# Problem:
Bring together copies of the lines in the data below that contain the word "probability".

____

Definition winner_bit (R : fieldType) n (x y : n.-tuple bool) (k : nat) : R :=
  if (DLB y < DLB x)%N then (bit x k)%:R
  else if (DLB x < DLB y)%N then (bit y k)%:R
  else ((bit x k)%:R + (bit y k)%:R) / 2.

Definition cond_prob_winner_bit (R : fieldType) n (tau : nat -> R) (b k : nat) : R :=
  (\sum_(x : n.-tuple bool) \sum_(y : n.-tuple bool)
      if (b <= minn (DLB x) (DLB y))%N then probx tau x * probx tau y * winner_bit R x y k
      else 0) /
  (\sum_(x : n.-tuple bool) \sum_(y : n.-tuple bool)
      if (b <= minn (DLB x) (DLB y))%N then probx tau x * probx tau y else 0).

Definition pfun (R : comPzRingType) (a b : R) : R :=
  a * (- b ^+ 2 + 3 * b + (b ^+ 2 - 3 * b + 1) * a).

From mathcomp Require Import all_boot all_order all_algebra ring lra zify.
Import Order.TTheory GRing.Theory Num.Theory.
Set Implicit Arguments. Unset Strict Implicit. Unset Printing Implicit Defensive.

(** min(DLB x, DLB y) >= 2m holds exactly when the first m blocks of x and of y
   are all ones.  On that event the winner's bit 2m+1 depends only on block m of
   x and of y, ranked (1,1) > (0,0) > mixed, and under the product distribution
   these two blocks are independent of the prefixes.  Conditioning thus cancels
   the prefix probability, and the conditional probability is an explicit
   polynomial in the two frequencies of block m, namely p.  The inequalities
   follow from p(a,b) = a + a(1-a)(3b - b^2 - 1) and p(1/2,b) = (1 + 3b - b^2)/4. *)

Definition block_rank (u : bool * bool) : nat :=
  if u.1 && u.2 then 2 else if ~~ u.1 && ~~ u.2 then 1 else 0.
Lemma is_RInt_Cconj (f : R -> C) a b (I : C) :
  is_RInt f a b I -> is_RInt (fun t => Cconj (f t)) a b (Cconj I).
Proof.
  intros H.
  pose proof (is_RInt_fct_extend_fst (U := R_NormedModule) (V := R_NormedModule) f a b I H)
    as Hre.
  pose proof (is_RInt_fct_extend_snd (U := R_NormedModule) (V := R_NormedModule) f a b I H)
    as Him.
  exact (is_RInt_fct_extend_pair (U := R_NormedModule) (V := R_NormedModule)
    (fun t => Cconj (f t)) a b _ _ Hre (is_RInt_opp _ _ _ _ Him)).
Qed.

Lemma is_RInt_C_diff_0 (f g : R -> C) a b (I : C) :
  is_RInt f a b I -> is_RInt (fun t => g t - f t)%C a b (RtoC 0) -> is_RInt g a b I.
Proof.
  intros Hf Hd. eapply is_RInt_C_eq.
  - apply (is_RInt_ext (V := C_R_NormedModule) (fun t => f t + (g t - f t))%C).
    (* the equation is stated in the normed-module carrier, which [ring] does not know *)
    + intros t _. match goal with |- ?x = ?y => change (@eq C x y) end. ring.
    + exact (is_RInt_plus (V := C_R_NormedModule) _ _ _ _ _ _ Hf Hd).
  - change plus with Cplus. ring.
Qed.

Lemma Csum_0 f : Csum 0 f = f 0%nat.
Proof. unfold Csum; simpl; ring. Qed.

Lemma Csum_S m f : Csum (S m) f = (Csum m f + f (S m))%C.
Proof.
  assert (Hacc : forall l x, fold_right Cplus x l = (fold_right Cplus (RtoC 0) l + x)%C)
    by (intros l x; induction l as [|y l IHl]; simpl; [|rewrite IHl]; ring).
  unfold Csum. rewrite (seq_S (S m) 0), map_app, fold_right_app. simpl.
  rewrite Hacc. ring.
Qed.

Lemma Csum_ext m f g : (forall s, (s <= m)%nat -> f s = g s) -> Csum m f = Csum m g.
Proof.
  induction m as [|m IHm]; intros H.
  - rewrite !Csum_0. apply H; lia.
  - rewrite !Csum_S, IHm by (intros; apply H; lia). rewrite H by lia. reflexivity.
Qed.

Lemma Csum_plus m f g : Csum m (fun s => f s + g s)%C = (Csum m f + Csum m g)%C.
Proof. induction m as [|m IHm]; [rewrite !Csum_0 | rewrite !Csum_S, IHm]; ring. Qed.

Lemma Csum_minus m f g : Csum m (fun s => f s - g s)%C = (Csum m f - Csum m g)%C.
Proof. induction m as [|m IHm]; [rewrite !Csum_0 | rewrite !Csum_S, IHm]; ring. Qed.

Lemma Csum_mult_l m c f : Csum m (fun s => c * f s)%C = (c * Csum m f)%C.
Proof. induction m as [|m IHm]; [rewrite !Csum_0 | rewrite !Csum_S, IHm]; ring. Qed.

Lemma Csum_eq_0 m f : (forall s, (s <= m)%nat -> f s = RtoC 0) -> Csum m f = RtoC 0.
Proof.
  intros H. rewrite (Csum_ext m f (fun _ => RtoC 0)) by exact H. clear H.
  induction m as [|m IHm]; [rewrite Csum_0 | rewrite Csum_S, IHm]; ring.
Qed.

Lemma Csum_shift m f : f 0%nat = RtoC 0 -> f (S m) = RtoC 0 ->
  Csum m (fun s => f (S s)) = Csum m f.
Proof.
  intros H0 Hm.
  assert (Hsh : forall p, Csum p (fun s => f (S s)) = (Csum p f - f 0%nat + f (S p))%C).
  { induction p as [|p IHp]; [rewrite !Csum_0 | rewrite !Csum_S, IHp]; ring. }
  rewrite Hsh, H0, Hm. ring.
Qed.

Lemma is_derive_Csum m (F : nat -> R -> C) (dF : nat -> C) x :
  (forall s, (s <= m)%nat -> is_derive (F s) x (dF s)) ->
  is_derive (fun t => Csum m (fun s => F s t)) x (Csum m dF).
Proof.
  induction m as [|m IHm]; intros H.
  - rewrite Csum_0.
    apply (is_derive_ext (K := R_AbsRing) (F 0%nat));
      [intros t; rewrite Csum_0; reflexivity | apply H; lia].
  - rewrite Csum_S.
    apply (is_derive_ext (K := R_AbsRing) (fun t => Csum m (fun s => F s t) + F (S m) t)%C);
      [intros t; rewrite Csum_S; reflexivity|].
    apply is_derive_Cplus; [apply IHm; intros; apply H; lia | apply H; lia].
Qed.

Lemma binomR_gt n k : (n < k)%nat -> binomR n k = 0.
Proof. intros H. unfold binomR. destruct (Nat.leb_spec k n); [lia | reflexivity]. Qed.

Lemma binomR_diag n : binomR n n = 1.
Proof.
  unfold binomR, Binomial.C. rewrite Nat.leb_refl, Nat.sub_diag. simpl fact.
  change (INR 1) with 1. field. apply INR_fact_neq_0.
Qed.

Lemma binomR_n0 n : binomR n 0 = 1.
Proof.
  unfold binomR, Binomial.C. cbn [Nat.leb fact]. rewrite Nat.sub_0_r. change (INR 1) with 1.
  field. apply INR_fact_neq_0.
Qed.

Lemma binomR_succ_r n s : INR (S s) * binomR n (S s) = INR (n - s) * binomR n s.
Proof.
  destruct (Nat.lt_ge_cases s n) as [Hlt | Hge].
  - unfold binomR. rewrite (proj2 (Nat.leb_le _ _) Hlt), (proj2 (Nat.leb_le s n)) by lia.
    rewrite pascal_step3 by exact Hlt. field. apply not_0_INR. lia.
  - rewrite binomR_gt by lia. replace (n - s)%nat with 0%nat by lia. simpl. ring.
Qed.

____

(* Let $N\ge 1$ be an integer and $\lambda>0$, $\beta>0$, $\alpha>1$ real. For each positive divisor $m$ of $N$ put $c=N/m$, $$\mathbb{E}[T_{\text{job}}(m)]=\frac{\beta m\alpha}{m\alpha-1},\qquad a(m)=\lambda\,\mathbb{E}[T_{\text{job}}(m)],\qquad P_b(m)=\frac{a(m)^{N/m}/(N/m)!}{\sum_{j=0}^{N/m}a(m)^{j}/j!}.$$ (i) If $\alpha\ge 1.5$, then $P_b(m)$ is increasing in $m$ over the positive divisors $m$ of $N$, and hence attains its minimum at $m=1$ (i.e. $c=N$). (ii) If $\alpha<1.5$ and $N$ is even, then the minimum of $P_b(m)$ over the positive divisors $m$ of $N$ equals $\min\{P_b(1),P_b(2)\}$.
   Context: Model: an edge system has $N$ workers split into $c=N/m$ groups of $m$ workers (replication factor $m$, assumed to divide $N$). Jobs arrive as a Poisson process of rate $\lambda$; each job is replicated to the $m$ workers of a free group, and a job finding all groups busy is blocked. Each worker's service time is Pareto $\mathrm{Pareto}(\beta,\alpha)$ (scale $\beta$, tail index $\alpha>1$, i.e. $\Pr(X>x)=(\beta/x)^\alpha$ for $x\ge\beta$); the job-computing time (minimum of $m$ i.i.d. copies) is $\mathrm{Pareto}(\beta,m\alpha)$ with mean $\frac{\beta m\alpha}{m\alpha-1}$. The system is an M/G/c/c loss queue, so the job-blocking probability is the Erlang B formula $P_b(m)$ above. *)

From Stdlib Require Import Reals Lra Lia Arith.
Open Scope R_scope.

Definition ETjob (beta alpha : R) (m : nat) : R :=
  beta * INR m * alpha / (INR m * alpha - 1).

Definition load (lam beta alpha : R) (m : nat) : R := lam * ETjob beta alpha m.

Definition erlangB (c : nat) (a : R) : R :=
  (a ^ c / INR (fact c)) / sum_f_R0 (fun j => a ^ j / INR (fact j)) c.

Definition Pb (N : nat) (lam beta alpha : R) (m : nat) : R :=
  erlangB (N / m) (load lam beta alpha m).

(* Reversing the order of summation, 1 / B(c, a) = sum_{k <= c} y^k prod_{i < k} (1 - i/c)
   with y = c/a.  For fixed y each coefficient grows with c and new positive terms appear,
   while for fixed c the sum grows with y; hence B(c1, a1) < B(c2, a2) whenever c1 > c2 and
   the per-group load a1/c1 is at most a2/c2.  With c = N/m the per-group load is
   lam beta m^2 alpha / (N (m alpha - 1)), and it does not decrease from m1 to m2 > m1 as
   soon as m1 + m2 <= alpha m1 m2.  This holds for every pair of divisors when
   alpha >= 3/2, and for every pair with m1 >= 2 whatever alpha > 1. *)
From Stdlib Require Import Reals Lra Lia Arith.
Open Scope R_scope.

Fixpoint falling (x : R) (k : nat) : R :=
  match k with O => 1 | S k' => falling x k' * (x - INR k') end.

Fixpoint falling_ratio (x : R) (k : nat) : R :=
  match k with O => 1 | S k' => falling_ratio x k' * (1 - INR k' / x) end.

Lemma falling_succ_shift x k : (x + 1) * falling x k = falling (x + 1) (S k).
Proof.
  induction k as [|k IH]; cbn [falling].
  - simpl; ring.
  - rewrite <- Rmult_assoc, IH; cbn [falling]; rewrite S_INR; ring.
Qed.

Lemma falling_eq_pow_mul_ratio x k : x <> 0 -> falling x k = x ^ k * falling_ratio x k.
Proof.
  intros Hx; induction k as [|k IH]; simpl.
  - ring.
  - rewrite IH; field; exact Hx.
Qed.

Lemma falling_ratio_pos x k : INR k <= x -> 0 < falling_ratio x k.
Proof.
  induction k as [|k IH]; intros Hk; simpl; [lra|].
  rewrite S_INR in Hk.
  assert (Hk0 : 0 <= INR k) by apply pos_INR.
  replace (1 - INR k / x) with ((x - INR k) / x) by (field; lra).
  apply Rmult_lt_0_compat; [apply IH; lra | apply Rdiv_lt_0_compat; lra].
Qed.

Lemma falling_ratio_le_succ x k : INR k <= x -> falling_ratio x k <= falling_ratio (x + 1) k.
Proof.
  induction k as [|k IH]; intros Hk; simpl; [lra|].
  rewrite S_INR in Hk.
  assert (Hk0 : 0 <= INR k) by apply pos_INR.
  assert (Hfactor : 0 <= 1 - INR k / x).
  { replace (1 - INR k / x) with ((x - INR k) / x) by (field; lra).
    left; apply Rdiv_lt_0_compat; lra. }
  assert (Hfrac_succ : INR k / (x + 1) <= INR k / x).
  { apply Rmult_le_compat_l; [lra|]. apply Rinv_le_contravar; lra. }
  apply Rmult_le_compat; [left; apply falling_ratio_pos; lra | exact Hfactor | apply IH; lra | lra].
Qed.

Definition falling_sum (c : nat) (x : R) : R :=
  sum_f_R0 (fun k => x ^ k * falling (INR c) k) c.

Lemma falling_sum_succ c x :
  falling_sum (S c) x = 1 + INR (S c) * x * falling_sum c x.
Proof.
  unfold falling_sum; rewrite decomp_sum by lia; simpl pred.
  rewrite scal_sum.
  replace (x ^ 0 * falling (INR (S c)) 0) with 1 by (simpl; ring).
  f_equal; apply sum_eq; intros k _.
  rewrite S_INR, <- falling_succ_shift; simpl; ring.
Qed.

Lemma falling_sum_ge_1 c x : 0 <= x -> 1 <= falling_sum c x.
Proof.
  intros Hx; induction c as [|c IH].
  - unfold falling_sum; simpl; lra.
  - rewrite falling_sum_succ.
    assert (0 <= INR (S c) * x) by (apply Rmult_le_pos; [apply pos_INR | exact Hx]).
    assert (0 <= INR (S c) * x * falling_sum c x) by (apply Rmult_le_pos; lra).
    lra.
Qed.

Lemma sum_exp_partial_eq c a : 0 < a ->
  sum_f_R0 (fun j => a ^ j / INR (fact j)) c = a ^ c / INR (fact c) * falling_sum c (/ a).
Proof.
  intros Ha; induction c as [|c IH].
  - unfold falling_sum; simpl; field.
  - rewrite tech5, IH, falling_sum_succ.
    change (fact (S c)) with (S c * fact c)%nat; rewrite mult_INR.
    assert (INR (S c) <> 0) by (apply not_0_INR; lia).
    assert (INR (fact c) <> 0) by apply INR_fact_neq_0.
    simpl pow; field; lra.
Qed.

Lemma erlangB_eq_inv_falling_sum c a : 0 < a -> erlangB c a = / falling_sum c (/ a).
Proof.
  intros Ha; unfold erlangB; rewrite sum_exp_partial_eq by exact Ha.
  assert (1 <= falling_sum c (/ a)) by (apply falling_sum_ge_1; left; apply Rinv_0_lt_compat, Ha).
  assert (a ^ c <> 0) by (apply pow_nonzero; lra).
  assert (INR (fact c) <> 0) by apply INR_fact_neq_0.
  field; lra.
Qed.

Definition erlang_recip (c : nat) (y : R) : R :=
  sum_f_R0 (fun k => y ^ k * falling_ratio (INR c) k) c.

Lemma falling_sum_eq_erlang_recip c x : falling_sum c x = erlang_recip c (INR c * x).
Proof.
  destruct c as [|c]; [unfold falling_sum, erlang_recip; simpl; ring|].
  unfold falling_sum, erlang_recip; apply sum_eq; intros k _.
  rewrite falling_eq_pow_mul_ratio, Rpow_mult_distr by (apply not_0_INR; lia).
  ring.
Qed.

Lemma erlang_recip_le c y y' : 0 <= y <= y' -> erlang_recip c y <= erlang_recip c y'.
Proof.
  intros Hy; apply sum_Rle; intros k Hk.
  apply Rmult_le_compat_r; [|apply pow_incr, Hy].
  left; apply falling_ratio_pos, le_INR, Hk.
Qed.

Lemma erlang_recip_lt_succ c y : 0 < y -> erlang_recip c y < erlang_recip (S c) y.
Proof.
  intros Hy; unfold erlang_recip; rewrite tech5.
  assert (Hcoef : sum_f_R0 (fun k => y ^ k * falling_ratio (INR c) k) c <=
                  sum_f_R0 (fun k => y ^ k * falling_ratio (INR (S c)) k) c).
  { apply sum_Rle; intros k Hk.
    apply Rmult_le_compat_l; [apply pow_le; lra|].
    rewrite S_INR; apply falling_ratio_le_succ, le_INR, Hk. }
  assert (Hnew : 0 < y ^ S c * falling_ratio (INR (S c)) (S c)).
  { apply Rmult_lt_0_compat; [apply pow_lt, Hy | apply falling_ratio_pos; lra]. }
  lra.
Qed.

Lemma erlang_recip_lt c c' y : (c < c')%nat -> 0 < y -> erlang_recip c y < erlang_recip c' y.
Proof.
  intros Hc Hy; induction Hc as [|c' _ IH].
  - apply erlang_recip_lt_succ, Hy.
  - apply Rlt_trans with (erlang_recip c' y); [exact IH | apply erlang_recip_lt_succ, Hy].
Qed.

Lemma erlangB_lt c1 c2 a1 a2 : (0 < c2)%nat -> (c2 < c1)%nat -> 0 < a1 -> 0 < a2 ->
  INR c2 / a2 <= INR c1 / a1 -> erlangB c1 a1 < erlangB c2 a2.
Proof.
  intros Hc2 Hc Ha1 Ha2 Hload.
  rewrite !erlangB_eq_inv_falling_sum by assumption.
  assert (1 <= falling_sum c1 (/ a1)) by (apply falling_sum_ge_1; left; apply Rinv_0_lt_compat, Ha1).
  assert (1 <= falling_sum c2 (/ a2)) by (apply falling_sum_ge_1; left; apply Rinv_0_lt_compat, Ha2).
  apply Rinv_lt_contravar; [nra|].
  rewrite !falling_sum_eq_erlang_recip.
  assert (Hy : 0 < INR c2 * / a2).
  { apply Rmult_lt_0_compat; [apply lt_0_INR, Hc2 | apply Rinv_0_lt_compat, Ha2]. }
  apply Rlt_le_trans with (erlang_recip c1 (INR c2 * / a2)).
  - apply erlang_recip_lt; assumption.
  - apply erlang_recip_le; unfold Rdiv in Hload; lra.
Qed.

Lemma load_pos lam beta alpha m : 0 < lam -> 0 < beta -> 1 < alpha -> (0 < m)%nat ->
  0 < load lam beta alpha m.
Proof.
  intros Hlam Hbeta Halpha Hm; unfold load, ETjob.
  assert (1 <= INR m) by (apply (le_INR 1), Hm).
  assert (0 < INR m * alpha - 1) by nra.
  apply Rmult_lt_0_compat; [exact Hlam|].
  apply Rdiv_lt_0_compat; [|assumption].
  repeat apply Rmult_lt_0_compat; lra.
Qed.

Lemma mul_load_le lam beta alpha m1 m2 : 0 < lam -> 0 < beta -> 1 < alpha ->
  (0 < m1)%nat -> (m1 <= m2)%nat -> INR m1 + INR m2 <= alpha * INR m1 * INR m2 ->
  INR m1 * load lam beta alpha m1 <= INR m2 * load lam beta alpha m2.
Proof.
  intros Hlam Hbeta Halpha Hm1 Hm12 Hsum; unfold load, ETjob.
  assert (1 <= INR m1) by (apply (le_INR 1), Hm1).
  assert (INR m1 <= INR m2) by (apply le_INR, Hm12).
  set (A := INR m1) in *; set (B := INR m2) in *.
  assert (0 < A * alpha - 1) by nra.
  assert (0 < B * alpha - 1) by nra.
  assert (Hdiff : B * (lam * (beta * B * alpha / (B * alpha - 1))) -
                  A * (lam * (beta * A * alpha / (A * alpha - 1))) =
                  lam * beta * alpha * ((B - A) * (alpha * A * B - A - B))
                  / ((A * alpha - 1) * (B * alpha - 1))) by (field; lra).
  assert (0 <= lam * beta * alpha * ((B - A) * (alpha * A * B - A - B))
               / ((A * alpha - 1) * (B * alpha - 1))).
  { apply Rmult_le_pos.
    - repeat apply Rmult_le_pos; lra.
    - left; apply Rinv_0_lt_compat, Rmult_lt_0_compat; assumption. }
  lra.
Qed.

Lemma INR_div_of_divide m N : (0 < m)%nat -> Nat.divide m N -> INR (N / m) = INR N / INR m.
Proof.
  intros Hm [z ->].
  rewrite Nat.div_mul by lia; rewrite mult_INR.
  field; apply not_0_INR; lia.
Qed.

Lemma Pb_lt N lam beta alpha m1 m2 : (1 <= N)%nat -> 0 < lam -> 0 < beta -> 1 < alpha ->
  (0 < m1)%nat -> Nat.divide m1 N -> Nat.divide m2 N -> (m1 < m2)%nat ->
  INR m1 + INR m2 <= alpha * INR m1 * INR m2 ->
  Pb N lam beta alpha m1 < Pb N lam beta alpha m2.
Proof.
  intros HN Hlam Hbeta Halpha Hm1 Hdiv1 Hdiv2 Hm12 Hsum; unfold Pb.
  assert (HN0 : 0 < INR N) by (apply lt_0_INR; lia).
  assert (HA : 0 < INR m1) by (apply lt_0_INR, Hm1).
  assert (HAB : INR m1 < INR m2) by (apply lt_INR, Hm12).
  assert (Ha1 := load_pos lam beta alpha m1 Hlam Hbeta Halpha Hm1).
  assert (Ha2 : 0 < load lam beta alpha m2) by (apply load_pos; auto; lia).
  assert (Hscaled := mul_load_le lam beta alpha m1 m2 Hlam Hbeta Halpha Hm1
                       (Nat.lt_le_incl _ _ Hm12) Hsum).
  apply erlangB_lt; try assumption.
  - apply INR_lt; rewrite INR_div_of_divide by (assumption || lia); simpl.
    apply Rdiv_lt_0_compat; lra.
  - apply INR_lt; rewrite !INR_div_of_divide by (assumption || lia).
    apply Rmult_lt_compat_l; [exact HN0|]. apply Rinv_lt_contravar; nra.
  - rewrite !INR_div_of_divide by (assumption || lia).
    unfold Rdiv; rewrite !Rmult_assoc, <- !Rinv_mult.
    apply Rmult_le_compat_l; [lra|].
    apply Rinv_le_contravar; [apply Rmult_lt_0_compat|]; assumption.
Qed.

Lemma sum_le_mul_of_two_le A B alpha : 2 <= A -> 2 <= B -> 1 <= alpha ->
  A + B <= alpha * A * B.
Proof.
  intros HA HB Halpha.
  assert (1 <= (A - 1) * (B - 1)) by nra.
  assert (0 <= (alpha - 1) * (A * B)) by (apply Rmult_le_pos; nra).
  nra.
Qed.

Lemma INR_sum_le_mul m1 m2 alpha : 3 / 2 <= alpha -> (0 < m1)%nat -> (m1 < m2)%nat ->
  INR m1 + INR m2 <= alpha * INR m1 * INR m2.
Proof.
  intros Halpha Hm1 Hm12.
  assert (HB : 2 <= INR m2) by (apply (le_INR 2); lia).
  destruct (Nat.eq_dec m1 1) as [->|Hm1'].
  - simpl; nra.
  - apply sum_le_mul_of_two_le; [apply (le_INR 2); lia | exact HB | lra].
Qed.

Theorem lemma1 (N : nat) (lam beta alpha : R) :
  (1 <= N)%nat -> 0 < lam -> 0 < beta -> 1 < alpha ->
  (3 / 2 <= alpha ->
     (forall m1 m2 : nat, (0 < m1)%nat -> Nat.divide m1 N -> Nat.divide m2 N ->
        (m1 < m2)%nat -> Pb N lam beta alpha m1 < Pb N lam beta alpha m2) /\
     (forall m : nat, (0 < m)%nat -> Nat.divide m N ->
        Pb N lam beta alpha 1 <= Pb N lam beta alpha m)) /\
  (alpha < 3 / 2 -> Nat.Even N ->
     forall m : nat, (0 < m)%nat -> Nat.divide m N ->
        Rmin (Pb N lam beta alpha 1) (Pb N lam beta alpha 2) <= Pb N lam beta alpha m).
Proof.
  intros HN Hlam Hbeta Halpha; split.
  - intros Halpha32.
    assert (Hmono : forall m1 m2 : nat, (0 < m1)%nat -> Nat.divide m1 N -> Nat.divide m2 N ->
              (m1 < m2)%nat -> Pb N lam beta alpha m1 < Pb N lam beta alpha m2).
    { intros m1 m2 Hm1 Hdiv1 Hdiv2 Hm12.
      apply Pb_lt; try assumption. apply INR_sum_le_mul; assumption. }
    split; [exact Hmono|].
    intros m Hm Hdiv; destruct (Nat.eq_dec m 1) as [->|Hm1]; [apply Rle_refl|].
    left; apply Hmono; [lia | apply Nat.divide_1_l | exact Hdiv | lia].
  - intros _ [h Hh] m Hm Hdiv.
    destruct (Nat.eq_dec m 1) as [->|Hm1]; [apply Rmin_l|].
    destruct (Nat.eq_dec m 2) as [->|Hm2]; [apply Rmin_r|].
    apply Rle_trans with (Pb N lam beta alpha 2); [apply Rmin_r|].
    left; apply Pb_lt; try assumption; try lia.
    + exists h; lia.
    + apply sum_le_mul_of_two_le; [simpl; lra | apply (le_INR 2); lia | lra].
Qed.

____

# Response to this task:
   the prefix probability, and the conditional probability is an explicit
   Context: Model: an edge system has $N$ workers split into $c=N/m$ groups of $m$ workers (replication factor $m$, assumed to divide $N$). Jobs arrive as a Poisson process of rate $\lambda$; each job is replicated to the $m$ workers of a free group, and a job finding all groups busy is blocked. Each worker's service time is Pareto $\mathrm{Pareto}(\beta,\alpha)$ (scale $\beta$, tail index $\alpha>1$, i.e. $\Pr(X>x)=(\beta/x)^\alpha$ for $x\ge\beta$); the job-computing time (minimum of $m$ i.i.d. copies) is $\mathrm{Pareto}(\beta,m\alpha)$ with mean $\frac{\beta m\alpha}{m\alpha-1}$. The system is an M/G/c/c loss queue, so the job-blocking probability is the Erlang B formula $P_b(m)$ above. *)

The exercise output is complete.